The several bad deformities on the hand of Niah, according to consultant orthopaedic and sports surgeon Dr Aaron Lim, is a rare condition which affects multiple systems in the body.

“This congential deformity is known as thrombocytopenia radius syndrome,” says Dr Lim who was trained in Britain.

“The absence of one of the bones of the forearms results in a deformed and displaced forearm and hand on both sides.”

The deformity was one he had come across when he worked in Liverpool.

Her other notable old friend, GTK 1, was found in April this year when some archeology students, who used part of Gua Teluk Kelawar in the Lenggong Valley this year for their practical work, came across some teeth.

“The students were told to stop work, since the excavation required expert attention,” said Zuraina who put together a team of experts and headed for Lenggong in May.

“We found a very fragile and fragmented skeleton. It was that of a woman in her 40s. She was 148cm and lived about 8,000 years ago.”

GTK 1 was buried in a foetal position and occupied a very small burial space where food remains and stone tools were found.

Just like Dr Lim, Zuraina can also count on the services of other experts to help her.

Professor Abdul Rani Samsudin, the dean of USM’s School of Dental Sciences and the head of the university’s Craniofacial team, has thrown some light on the death of the Perak Man.
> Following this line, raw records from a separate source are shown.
(* Let $SO$ be a semi-overlap function and let $I_{SO}(u,v)=\sup\{w\in[0,1]\mid SO(u,w)\le v\}$ be its residual implication, assumed to be a fuzzy implication. Then: (1) $SO(u,v)=\min\{w\in[0,1]\mid I_{SO}(u,w)\ge v\}$ for all $u,v\in[0,1]$. (2) $I_{SO}$ satisfies (NP) if and only if $1$ is the neutral element of $SO$. (3) $I_{SO}$ satisfies (EP) if and only if $SO$ is associative. (4) $I_{SO}$ satisfies (IP) if and only if $SO(u,1)\le u$ for all $u\in[0,1]$. (5) $I_{SO}$ satisfies (LOP) if and only if $SO(u,1)\le u$ for all $u\in[0,1]$. (6) $I_{SO}$ satisfies (ROP) if and only if $SO(u,1)\ge u$ for all $u\in[0,1]$. (7) $I_{SO}$ satisfies (OP) if and only if $1$ is the neutral element of $SO$. (8) $I_{SO}$ satisfies (CB) if and only if $SO(u,v)\le\min\{u,v\}$ for all $u,v\in[0,1]$. (9) If $I_{SO}$ satisfies (CB), then $I_{SO}$ satisfies (SIB). (10) If $SO(u,v)=\min\{u,v\}$ for all $u,v$, then $I_{SO}$ satisfies (IB). (11) If $SO$ has $1$ as neutral element, then $I_{SO}$ satisfies (CB).
   Context: A semi-overlap function is a function $SO:[0,1]^2\to[0,1]$ such that for all $u,v\in[0,1]$: (S1) $SO(u,v)=SO(v,u)$; (S2) if $uv=0$ then $SO(u,v)=0$; (S3) if $uv=1$ then $SO(u,v)=1$; (S4) $SO$ is increasing in each variable; (S5) $SO$ is left-continuous, meaning that for every $u\in[0,1]$ and every nonempty family $\{v_i\mid i\in I\}\subseteq[0,1]$, $SO(u,\sup_{i\in I}v_i)=\sup_{i\in I}SO(u,v_i)$. $1$ is the neutral element of $SO$ if $SO(1,v)=v$ for all $v$. A fuzzy implication is a function $I:[0,1]^2\to[0,1]$ such that: $u\le v$ implies $I(v,w)\le I(u,w)$; $v\le w$ implies $I(u,v)\le I(u,w)$; $I(0,0)=1$; $I(1,1)=1$; $I(1,0)=0$. For a fuzzy implication $I$ (all quantifiers over $[0,1]$): (NP) $I(1,v)=v$; (LOP) $u\le v\Rightarrow I(u,v)=1$; (ROP) $I(u,v)=1\Rightarrow u\le v$; (OP) $u\le v\Leftrightarrow I(u,v)=1$; (EP) $I(u,I(v,w))=I(v,I(u,w))$; (IP) $I(u,u)=1$; (CB) $v\le I(u,v)$; (SIB) $I(u,v)\le I(u,I(u,v))$; (IB) $I(u,v)=I(u,I(u,v))$. *)

From mathcomp Require Import all_boot all_order all_algebra.
From mathcomp Require Import all_classical all_reals.
Set Implicit Arguments. Unset Strict Implicit. Unset Printing Implicit Defensive.
Import Order.TTheory GRing.Theory Num.Theory.
Local Open Scope ring_scope.
Local Open Scope classical_set_scope.

Section Fuzzy.
Variable R : realType.

Definition in01 (x : R) : Prop := 0 <= x <= 1.

(* A binary operation on [0,1], represented as a function R -> R -> R
   considered only on [0,1]^2. *)
Definition maps01 (F : R -> R -> R) : Prop :=
  forall u v, in01 u -> in01 v -> in01 (F u v).

Definition semi_overlap (SO : R -> R -> R) : Prop :=
  maps01 SO /\
  [/\ (forall u v, in01 u -> in01 v -> SO u v = SO v u),
      (forall u v, in01 u -> in01 v -> u * v = 0 -> SO u v = 0),
      (forall u v, in01 u -> in01 v -> u * v = 1 -> SO u v = 1),
      (forall u v w, in01 u -> in01 v -> in01 w -> v <= w ->
                  SO u v <= SO u w /\ SO v u <= SO w u) &
      (forall (u : R) (I : Type) (v : I -> R), in01 u ->
                  (exists i : I, True) -> (forall i, in01 (v i)) ->
                  SO u (sup (range v)) = sup (range (fun i => SO u (v i))))].

Definition neutral_one (SO : R -> R -> R) : Prop :=
  forall v, in01 v -> SO 1 v = v.

Definition associative01 (SO : R -> R -> R) : Prop :=
  forall u v w, in01 u -> in01 v -> in01 w -> SO u (SO v w) = SO (SO u v) w.

Definition fuzzy_implication (I : R -> R -> R) : Prop :=
  maps01 I /\
  [/\ (forall u v w, in01 u -> in01 v -> in01 w -> u <= v -> I v w <= I u w),
      (forall u v w, in01 u -> in01 v -> in01 w -> v <= w -> I u v <= I u w),
      I 0 0 = 1, I 1 1 = 1 & I 1 0 = 0].

Definition residual (SO : R -> R -> R) (u v : R) : R :=
  sup [set w | in01 w /\ SO u w <= v].

Definition NP (I : R -> R -> R) : Prop := forall v, in01 v -> I 1 v = v.
Definition LOP (I : R -> R -> R) : Prop :=
  forall u v, in01 u -> in01 v -> u <= v -> I u v = 1.
Definition ROP (I : R -> R -> R) : Prop :=
  forall u v, in01 u -> in01 v -> I u v = 1 -> u <= v.
Definition OP (I : R -> R -> R) : Prop :=
  forall u v, in01 u -> in01 v -> (u <= v <-> I u v = 1).
Definition EP (I : R -> R -> R) : Prop :=
  forall u v w, in01 u -> in01 v -> in01 w -> I u (I v w) = I v (I u w).
Definition IP (I : R -> R -> R) : Prop := forall u, in01 u -> I u u = 1.
Definition CB (I : R -> R -> R) : Prop :=
  forall u v, in01 u -> in01 v -> v <= I u v.
Definition SIB (I : R -> R -> R) : Prop :=
  forall u v, in01 u -> in01 v -> I u v <= I u (I u v).
Definition IB (I : R -> R -> R) : Prop :=
  forall u v, in01 u -> in01 v -> I u v = I u (I u v).

End Fuzzy.

From mathcomp Require Import all_boot all_order all_algebra.
From mathcomp Require Import all_classical all_reals.
Import Order.TTheory GRing.Theory Num.Theory.
Local Open Scope ring_scope.
Local Open Scope classical_set_scope.

(* Left-continuity makes [SO u] and [residual SO u] a Galois connection on
   [0,1]: SO(u,w) <= v iff w <= I_SO(u,v).  Since two points of [0,1] are
   equal as soon as they have the same lower (or upper) bounds there, each
   identity reduces to a chain of such adjunction steps, using in addition
   only the symmetry and monotonicity of SO. *)

Section UnitInterval.
Context {R : realType}.
Implicit Types (a b x : R) (I : R -> R -> R).

Lemma in01_0 : in01 (0 : R). Proof. by rewrite /in01 lexx ler01. Qed.
Lemma in01_1 : in01 (1 : R). Proof. by rewrite /in01 lexx ler01. Qed.
Lemma in01_le1 {x} : in01 x -> x <= 1. Proof. by case/andP. Qed.

Lemma eq_in01_lower a b : in01 a -> in01 b ->
  (forall t, in01 t -> (t <= a) = (t <= b)) -> a = b.
Proof.
by move=> a01 b01 ab; apply/eqP; rewrite eq_le -ab // (ab b) ?lexx.
Qed.

Lemma eq_in01_upper a b : in01 a -> in01 b ->
  (forall t, in01 t -> (a <= t) = (b <= t)) -> a = b.
Proof.
by move=> a01 b01 ab; apply/eqP; rewrite eq_le ab // -(ab a) ?lexx.
Qed.

Definition left_commutative01 (F : R -> R -> R) :=
  forall u v w, in01 u -> in01 v -> in01 w -> F u (F v w) = F v (F u w).

Lemma OP_LOP_ROP I : OP I <-> LOP I /\ ROP I.
Proof.
split=> [OPI | [LOPI ROPI] u v u01 v01]; last by split; [apply: LOPI | apply: ROPI].
by split=> u v u01 v01; have [] := OPI u v u01 v01.
Qed.

Lemma CB_SIB I : maps01 I -> CB I -> SIB I.
Proof. by move=> I01 CBI u v u01 v01; apply: CBI; last exact: I01. Qed.

End UnitInterval.

#[local] Hint Resolve in01_0 in01_1 : in01.
#[local] Hint Extern 0 (in01 _) => solve [auto with nocore in01] : core.

Section Residuation.
Context {R : realType} {SO : R -> R -> R}.
Hypothesis SOso : semi_overlap SO.

Let SO01 {u v} : in01 u -> in01 v -> in01 (SO u v) := SOso.1 u v.
Let SOC {u v} : in01 u -> in01 v -> SO u v = SO v u.
Proof. by case: SOso => _ [+ _ _ _ _]; apply. Qed.
Let SO0 {u v} : in01 u -> in01 v -> u * v = 0 -> SO u v = 0.
Proof. by case: SOso => _ [_ + _ _ _]; apply. Qed.
Let SOle {u v w} : in01 u -> in01 v -> in01 w -> v <= w -> SO u v <= SO u w.
Proof. by case: SOso => _ [_ _ _ mono _] *; case: (mono u v w). Qed.
Let SOsup u (I : Type) (v : I -> R) : in01 u -> (exists i : I, True) ->
  (forall i, in01 (v i)) ->
  SO u (sup (range v)) = sup (range (fun i => SO u (v i))).
Proof. by case: SOso => _ [_ _ _ _ +]; apply. Qed.

Section Residual.
Variables u v : R.
Hypotheses (u01 : in01 u) (v01 : in01 v).

Let A := [set w | in01 w /\ SO u w <= v].

Let A0 : A 0.
Proof. by split=> //; rewrite SO0 ?mulr0 //; case/andP: v01. Qed.

Let A_has_sup : has_sup A.
Proof. by split; [exists 0 | exists 1 => x [/in01_le1]]. Qed.

Lemma le_residual_of w : in01 w -> SO u w <= v -> w <= residual SO u v.
Proof. by move=> w01 uwv; apply: (sup_upper_bound A_has_sup). Qed.

Lemma residual_in01 : in01 (residual SO u v).
Proof.
apply/andP; split; first exact: le_residual_of _ A0.1 A0.2.
by apply: ge_sup; [exists 0 | move=> x [/in01_le1]].
Qed.

(* The only use of left-continuity: the supremum defining I_SO(u,v) is
   attained, i.e. it belongs to A. *)
Lemma SO_residual_le : SO u (residual SO u v) <= v.
Proof.
have rangeA : range (@sval R A) = A.
  apply/seteqP; split=> [x [[y Ay] _ <-] // | x Ax].
  by exists (exist _ x Ax).
have := @SOsup u _ (@sval R A) u01 (ex_intro _ (exist _ 0 A0) I)
  (fun i => (svalP i).1).
rewrite /residual -/A rangeA => ->.
apply: ge_sup; first by exists (SO u 0), (exist _ 0 A0).
by move=> _ [[y Ay] _ <-]; exact: Ay.2.
Qed.

Lemma le_residual w : in01 w -> (w <= residual SO u v) = (SO u w <= v).
Proof.
move=> w01; apply/idP/idP; last exact: le_residual_of.
by move=> wr; apply: le_trans SO_residual_le; exact: SOle residual_in01 wr.
Qed.

Lemma residual_eq1 : (residual SO u v == 1) = (SO u 1 <= v).
Proof. by rewrite eq_le le_residual // (in01_le1 residual_in01). Qed.

End Residual.

#[local] Hint Resolve SO01 residual_in01 : in01.

Lemma maps01_residual : maps01 (residual SO).
Proof. exact: residual_in01. Qed.

Lemma SO_min_residual u v : in01 u -> in01 v ->
  [/\ in01 (SO u v), v <= residual SO u (SO u v) &
      forall w, in01 w -> v <= residual SO u w -> SO u v <= w].
Proof. by move=> u01 v01; split=> [||w w01]; rewrite ?le_residual. Qed.

Lemma NP_residualE : NP (residual SO) <-> neutral_one SO.
Proof.
split=> [NPI v v01 | SO1 v v01].
- by apply: eq_in01_upper => // t t01; rewrite -le_residual ?NPI.
- by apply: eq_in01_lower => // t t01; rewrite le_residual ?SO1.
Qed.

Lemma EP_residualE : EP (residual SO) <-> left_commutative01 SO.
Proof.
split=> [EPI | SOCA] u v w u01 v01 w01.
- apply: eq_in01_upper => // t t01.
  by rewrite -!le_residual ?(EPI v u t).
- apply: eq_in01_lower => // t t01.
  by rewrite !le_residual ?(SOCA u v t).
Qed.

Lemma left_commutative01E : left_commutative01 SO <-> associative01 SO.
Proof.
split=> [SOCA | SOA] u v w u01 v01 w01.
- have uv01 := SO01 u01 v01.
  by rewrite (SOC v01 w01) (SOCA u w v) // [RHS](SOC uv01 w01).
- by rewrite SOA // (SOC u01 v01) -SOA.
Qed.

Lemma IP_residualE : IP (residual SO) <-> forall u, in01 u -> SO u 1 <= u.
Proof.
split=> IPI u u01; first by rewrite -residual_eq1 // (IPI u u01).
by apply/eqP; rewrite residual_eq1 // IPI.
Qed.

Lemma LOP_residualE : LOP (residual SO) <-> forall u, in01 u -> SO u 1 <= u.
Proof.
split=> [LOPI u u01 | SOu1 u v u01 v01 uv].
- by rewrite -residual_eq1 // (LOPI u u).
- by apply/eqP; rewrite residual_eq1 //; exact: le_trans (SOu1 u u01) uv.
Qed.

Lemma ROP_residualE : ROP (residual SO) <-> forall u, in01 u -> u <= SO u 1.
Proof.
split=> [ROPI u u01 | SOu1 u v u01 v01 /eqP].
- by apply: ROPI => //; apply/eqP; rewrite residual_eq1.
- by rewrite residual_eq1 //; exact: le_trans (SOu1 u u01).
Qed.

Lemma OP_residualE : OP (residual SO) <-> neutral_one SO.
Proof.
split=> [/OP_LOP_ROP[/LOP_residualE SOu1_le /ROP_residualE le_SOu1] v v01 | SO1].
  by apply/eqP; rewrite SOC // eq_le SOu1_le ?le_SOu1.
have SOu1 u : in01 u -> SO u 1 = u by move=> u01; rewrite SOC ?SO1.
apply/OP_LOP_ROP; split; [apply/LOP_residualE | apply/ROP_residualE];
  by move=> u u01; rewrite SOu1.
Qed.

Lemma CB_residualE :
  CB (residual SO) <-> forall u v, in01 u -> in01 v -> SO u v <= Order.min u v.
Proof.
split=> [CBI | SOmin] u v u01 v01.
- by rewrite le_min {1}SOC // -!le_residual ?CBI.
- by rewrite le_residual //; move: (SOmin u v u01 v01); rewrite le_min => /andP[].
Qed.

Lemma IB_residual : (forall u t, in01 u -> in01 t -> SO u (SO u t) = SO u t) ->
  IB (residual SO).
Proof.
move=> SOuK u v u01 v01; apply: eq_in01_lower => // t t01.
by rewrite !le_residual ?SOuK.
Qed.

Lemma neutral_one_SO_le_min : neutral_one SO ->
  forall u v, in01 u -> in01 v -> SO u v <= Order.min u v.
Proof.
move=> SO1 u v u01 v01.
have SO_le_left x y : in01 x -> in01 y -> SO x y <= x.
  move=> x01 y01; apply: le_trans (SOle x01 y01 in01_1 (in01_le1 y01)) _.
  by rewrite SOC ?SO1.
by rewrite le_min SO_le_left // SOC // SO_le_left.
Qed.

End Residuation.

Theorem proposition3p10 (R : realType) (SO : R -> R -> R) :
  semi_overlap SO -> fuzzy_implication (residual SO) ->
  (* (1) SO(u,v) = min {w in [0,1] | I_SO(u,w) >= v} *)
  (forall u v, in01 u -> in01 v ->
     [/\ in01 (SO u v), v <= residual SO u (SO u v) &
         forall w, in01 w -> v <= residual SO u w -> SO u v <= w]) /\
  (* (2) *) (NP (residual SO) <-> neutral_one SO) /\
  (* (3) *) (EP (residual SO) <-> associative01 SO) /\
  (* (4) *) (IP (residual SO) <-> forall u, in01 u -> SO u 1 <= u) /\
  (* (5) *) (LOP (residual SO) <-> forall u, in01 u -> SO u 1 <= u) /\
  (* (6) *) (ROP (residual SO) <-> forall u, in01 u -> u <= SO u 1) /\
  (* (7) *) (OP (residual SO) <-> neutral_one SO) /\
  (* (8) *) (CB (residual SO) <->
             forall u v, in01 u -> in01 v -> SO u v <= Order.min u v) /\
  (* (9) *) (CB (residual SO) -> SIB (residual SO)) /\
  (* (10) *) ((forall u v, in01 u -> in01 v -> SO u v = Order.min u v) ->
              IB (residual SO)) /\
  (* (11) *) (neutral_one SO -> CB (residual SO)).
Proof.
move=> SOso _.
split; first exact: SO_min_residual.
split; first exact: NP_residualE.
split; first exact: iff_trans (EP_residualE SOso) (left_commutative01E SOso).
split; first exact: IP_residualE.
split; first exact: LOP_residualE.
split; first exact: ROP_residualE.
split; first exact: OP_residualE.
split; first exact: CB_residualE.
split; first exact/CB_SIB/maps01_residual.
split.
  move=> SOmin; apply: (IB_residual SOso) => u t u01 t01.
  have SOut01 : in01 (SO u t) by case: SOso => SO01 _; exact: SO01.
  by rewrite SOmin // (SOmin u t) // minA minxx.
by move=> SO1; apply/(CB_residualE SOso)/neutral_one_SO_le_min.
Qed.
(* Under the standing assumptions the following identities hold: \begin{align*} Q_{2,j}(a)&=(-1)^j\,\mathbf m_0^{-1}\mathbf l_0^{-1}\mathbf m_1^{-1}\mathbf l_1^{-1}\cdots\mathbf l_{j-1}^{-1}\mathbf m_j^{-1}, && 0\le j\le n-1,\\ \Gamma_{1,j}(a)&=(-1)^j\,\mathbf m_0^{-1}\mathbf l_0^{-1}\mathbf m_1^{-1}\mathbf l_1^{-1}\cdots\mathbf m_{j-1}^{-1}\mathbf l_{j-1}^{-1}, && 1\le j\le n,\\ P_{2,j}(a)&=(-1)^j\,\mathbf m_0^{-1}\mathbf l_0^{-1}\cdots\mathbf l_{j-1}^{-1}\mathbf m_j^{-1}\,(\mathbf m_0+\mathbf m_1+\cdots+\mathbf m_j), && 1\le j\le n-1,\\ \Theta_{1,j}(a)&=(-1)^j\,\mathbf m_0^{-1}\mathbf l_0^{-1}\cdots\mathbf m_{j-1}^{-1}\mathbf l_{j-1}^{-1}\,(s_0+\mathbf l_0+\cdots+\mathbf l_{j-1}), && 1\le j\le n. \end{align*}
   Context: Let $q,n\in\mathbb N$ and let $a<b$ be real numbers. All matrices are complex; $I_q$, $0_q$ are the $q\times q$ identity and zero matrices. Let $s_0,\dots,s_{2n+1}$ be Hermitian $q\times q$ matrices and set $\widehat s_j:=-ab\,s_j+(a+b)s_{j+1}-s_{j+2}$. Define $H_{1,j}:=(s_{l+k})_{l,k=0}^j$, $H_{2,j}:=(\widehat s_{l+k})_{l,k=0}^{j}$, $K_{1,j}:=(bs_{l+k}-s_{l+k+1})_{l,k=0}^{j}$, $K_{2,j}:=(-as_{l+k}+s_{l+k+1})_{l,k=0}^j$. Standing assumption: $H_{1,n},H_{2,n-1},K_{1,n},K_{2,n}$ are positive definite. Let $T_0:=0_q$ and, for $j\ge1$, let $T_j$ be the $(j+1)\times(j+1)$ block matrix (blocks $q\times q$) with $I_q$ in block positions $(l+1,l)$, $l=0,\dots,j-1$, and $0_q$ elsewhere; $R_j(z):=(I_{(j+1)q}-zT_j)^{-1}$; $v_j:=\mathrm{col}(I_q,0_q,\dots,0_q)\in\mathbb C^{(j+1)q\times q}$. Let $u_{2,0}:=-(a+b)s_0+s_1$, $u_{2,j}:=\mathrm{col}(u_{2,0},-\widehat s_0,\dots,-\widehat s_{j-1})$, $\widetilde u_{1,j}:=\mathrm{col}(s_0,s_1-bs_0,\dots,s_j-bs_{j-1})$; for $j\ge1$, $Y_{2,j}:=\mathrm{col}(\widehat s_j,\dots,\widehat s_{2j-1})$, $\widetilde Y_{1,j}:=\mathrm{col}(bs_j-s_{j+1},\dots,bs_{2j-1}-s_{2j})$. Polynomials: $P_{2,0}:=I_q$, $Q_{2,0}(z):=-(u_{2,0}+zs_0)$, $\Gamma_{1,0}:=I_q$, $\Theta_{1,0}:=s_0$; for $j\ge1$: $P_{2,j}(z):=(-Y_{2,j}^*H_{2,j-1}^{-1},I_q)R_j(z)v_j$, $Q_{2,j}(z):=-(-Y_{2,j}^*H_{2,j-1}^{-1},I_q)R_j(z)(u_{2,j}+zv_js_0)$, $\Gamma_{1,j}(z):=(-\widetilde Y_{1,j}^*K_{1,j-1}^{-1},I_q)R_j(z)v_j$, $\Theta_{1,j}(z):=(-\widetilde Y_{1,j}^*K_{1,j-1}^{-1},I_q)R_j(z)\widetilde u_{1,j}$. DSM parameters: $\lambda_j:=(u_{2,j}+av_js_0)^*R_j(a)^*H_{2,j}^{-1}R_j(a)(u_{2,j}+av_js_0)$, $\mu_j:=v_j^*R_j(a)^*K_{1,j}^{-1}R_j(a)v_j$; $\mathbf l_0:=\lambda_0$, $\mathbf l_j:=\lambda_j-\lambda_{j-1}$ ($1\le j\le n-1$); $\mathbf m_0:=\mu_0=(bs_0-s_1)^{-1}$, $\mathbf m_j:=\mu_j-\mu_{j-1}$ ($1\le j\le n$). These matrices are positive definite, in particular invertible. *)

(* Complex matrices are modelled over an arbitrary
   numClosedFieldType C (e.g. algC); conjugation is Num.conj. *)
From HB Require Import structures.
From mathcomp Require Import all_boot all_order all_algebra.
Set Implicit Arguments. Unset Strict Implicit. Unset Printing Implicit Defensive.
Import Order.TTheory GRing.Theory Num.Theory.
Local Open Scope ring_scope.
Definition adjoint_of {d} {T : measurableType d} {R : realType}
    (mu : {measure set T -> \bar R}) (A B : op T R) : Prop :=
  forall xi eta, L2 mu xi -> L2 mu eta -> L2ip mu (A xi) eta = L2ip mu xi (B eta).

Definition unitary_op {d} {T : measurableType d} {R : realType}
    (mu : {measure set T -> \bar R}) (U : op T R) : Prop :=
  bounded_op mu U /\
  exists V : op T R, [/\ bounded_op mu V, adjoint_of mu U V,
                         op_eq mu (U \o V) id & op_eq mu (V \o U) id].

Definition unitary_rep (G : groupType) {d} {T : measurableType d} {R : realType}
    (mu : {measure set T -> \bar R}) (pi : G -> op T R) : Prop :=
  [/\ forall g, unitary_op mu (pi g),
      op_eq mu (pi 1%g) id
    & forall g h, op_eq mu (pi (g * h)%g) (pi g \o pi h)].

(** act is an action of G on X by homeomorphisms (each act g is continuous
    with continuous inverse act g^-1) *)
Definition gspace (G : groupType) (X : topologicalType) (act : G -> X -> X) : Prop :=
  [/\ forall g, continuous (act g),
      forall x, act 1%g x = x
    & forall g h x, act (g * h)%g x = act g (act h x)].

Definition Cfun {X : topologicalType} {R : realType} (f : X -> R[i]) : Prop :=
  continuous (fun x => complex.Re (f x)) /\ continuous (fun x => complex.Im (f x)).

Definition fact (G : groupType) (X : Type) (act : G -> X -> X) {R : realType}
    (g : G) (f : X -> R[i]) : X -> R[i] :=
  fun x => f (act g^-1%g x).

Definition supp {X : topologicalType} {R : realType} (f : X -> R[i]) : set X :=
  closure [set x | f x != 0].

Definition fixset (G : groupType) (X : Type) (act : G -> X -> X) (g : G) : set X :=
  [set x | act g x = x].

Definition unital_star_hom {X : topologicalType} {d} {T : measurableType d}
    {R : realType} (mu : {measure set T -> \bar R})
    (rho : (X -> R[i]) -> op T R) : Prop :=
  [/\ forall f, Cfun f -> bounded_op mu (rho f),
      forall (a : R[i]) f g, Cfun f -> Cfun g ->
        op_eq mu (rho (fun x => a * f x + g x))
                 (fun xi t => a * rho f xi t + rho g xi t),
      forall f g, Cfun f -> Cfun g ->
        op_eq mu (rho (fun x => f x * g x)) (rho f \o rho g),
      op_eq mu (rho (fun _ => 1)) id
    & forall f, Cfun f -> adjoint_of mu (rho f) (rho (fun x => (f x)^*))].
“Towards the end of his life when his immune system got weaker, a trivial infection of the expanding jaw cyst or tumour, must have tipped the balance of his health.

“The infection must have caused miserable pain, an inability to chew and swallow food, malnutrition and systemic sepsis (a severe illness caused by overwhelming infection of the bloodstream by toxin- producing bacteria).

“Therefore, the most probable cause of death for the Perak Man is septicimia (blood poisoning) secondary to an aggressive tumour in the lower jaw.”

On the analysis being carried out on the Niah 1977 and GTK 1, Rani says the jaw and skulls of both skeletons have been scanned at Hospital USM’s Department of Radiology.

“Information will be on the craniofacial aspects and dental anthropology, from which we hope to tell the dietary behaviour and and oral disease at that time,” he says.

Zuraina’s old friends apparently have a lot more stories to tell, stories about how ancient Malaysians lived.

Datuk Seri Dr Rais Yatim, the Minister of Arts, Culture and Heritage, who recently visited USM, was suitably impressed.

He announced that he would forward a proposal to the Cabinet on the need for a national drive to assist archeological endeavours in Malaysia.

NOTE: Prime Minister Datuk Seri Abdullah Ahmad Badawi visits USM on Sept 11 to launch Zuraina’s coffee-table book Archaeology in Malaysia.